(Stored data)

Lemma deg_lt_prod_sub (s : seq nat) :
  deg_lt (size s).+1 (fun n => \prod_(l <- s) (n%:R - l%:R)).
Proof.
elim: s => [|l s IHs] /=.
  by have := deg_lt1_const 1; congr deg_lt; apply: functional_extensionality => n; rewrite big_nil.
have := deg_lt_mul_linear (- l%:R) IHs; congr deg_lt.
by apply: functional_extensionality => n; rewrite big_cons.
Qed.

Section Vanishing.
Variable D : nat.
Hypothesis bdiffs_long_eq0 : forall U (f : G -> R), (D <= size U)%N -> bdiffs U f = fun=> 0.

(* Induction on W via signed_sum_cons: the bdiff w term lengthens U, the fdiff term lowers the degree. *)
Lemma bdiffs_signed_sum_eq0 W j U phi : deg_lt j.+1 phi ->
  (D + j <= size U + size W)%N -> bdiffs U (signed_sum W phi) = fun=> 0.
Proof.
elim: W j U phi => [|w W IHW] j U phi dphi le_DUW.
  by apply: bdiffs_long_eq0; rewrite addn0 in le_DUW; apply: leq_trans (leq_addr _ _) le_DUW.
rewrite signed_sum_cons bdiffsB.
have -> : bdiffs U (bdiff w (signed_sum W phi)) = fun=> 0.
  by rewrite bdiffs_bdiff; apply: (IHW j (w :: U)); rewrite //= addSn -addnS.
have -> : bdiffs U (shiftf w (signed_sum W (fdiff phi))) = fun=> 0.
  rewrite bdiffs_shiftf; case: j dphi le_DUW => [|j] dphi le_DUW.
    by rewrite signed_sum_eq0 // bdiffs_zero.
  by rewrite (IHW j U) //; rewrite /= !addnS ltnS in le_DUW.
by apply: functional_extensionality => g; rewrite subr0.
Qed.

Exercise goal :: Scan the records for the string "apply" and show every line that contains it.

Final answer ::
  by have := deg_lt1_const 1; congr deg_lt; apply: functional_extensionality => n; rewrite big_nil.
by apply: functional_extensionality => n; rewrite big_cons.
  by apply: bdiffs_long_eq0; rewrite addn0 in le_DUW; apply: leq_trans (leq_addr _ _) le_DUW.
  by rewrite bdiffs_bdiff; apply: (IHW j (w :: U)); rewrite //= addSn -addnS.
by apply: functional_extensionality => g; rewrite subr0.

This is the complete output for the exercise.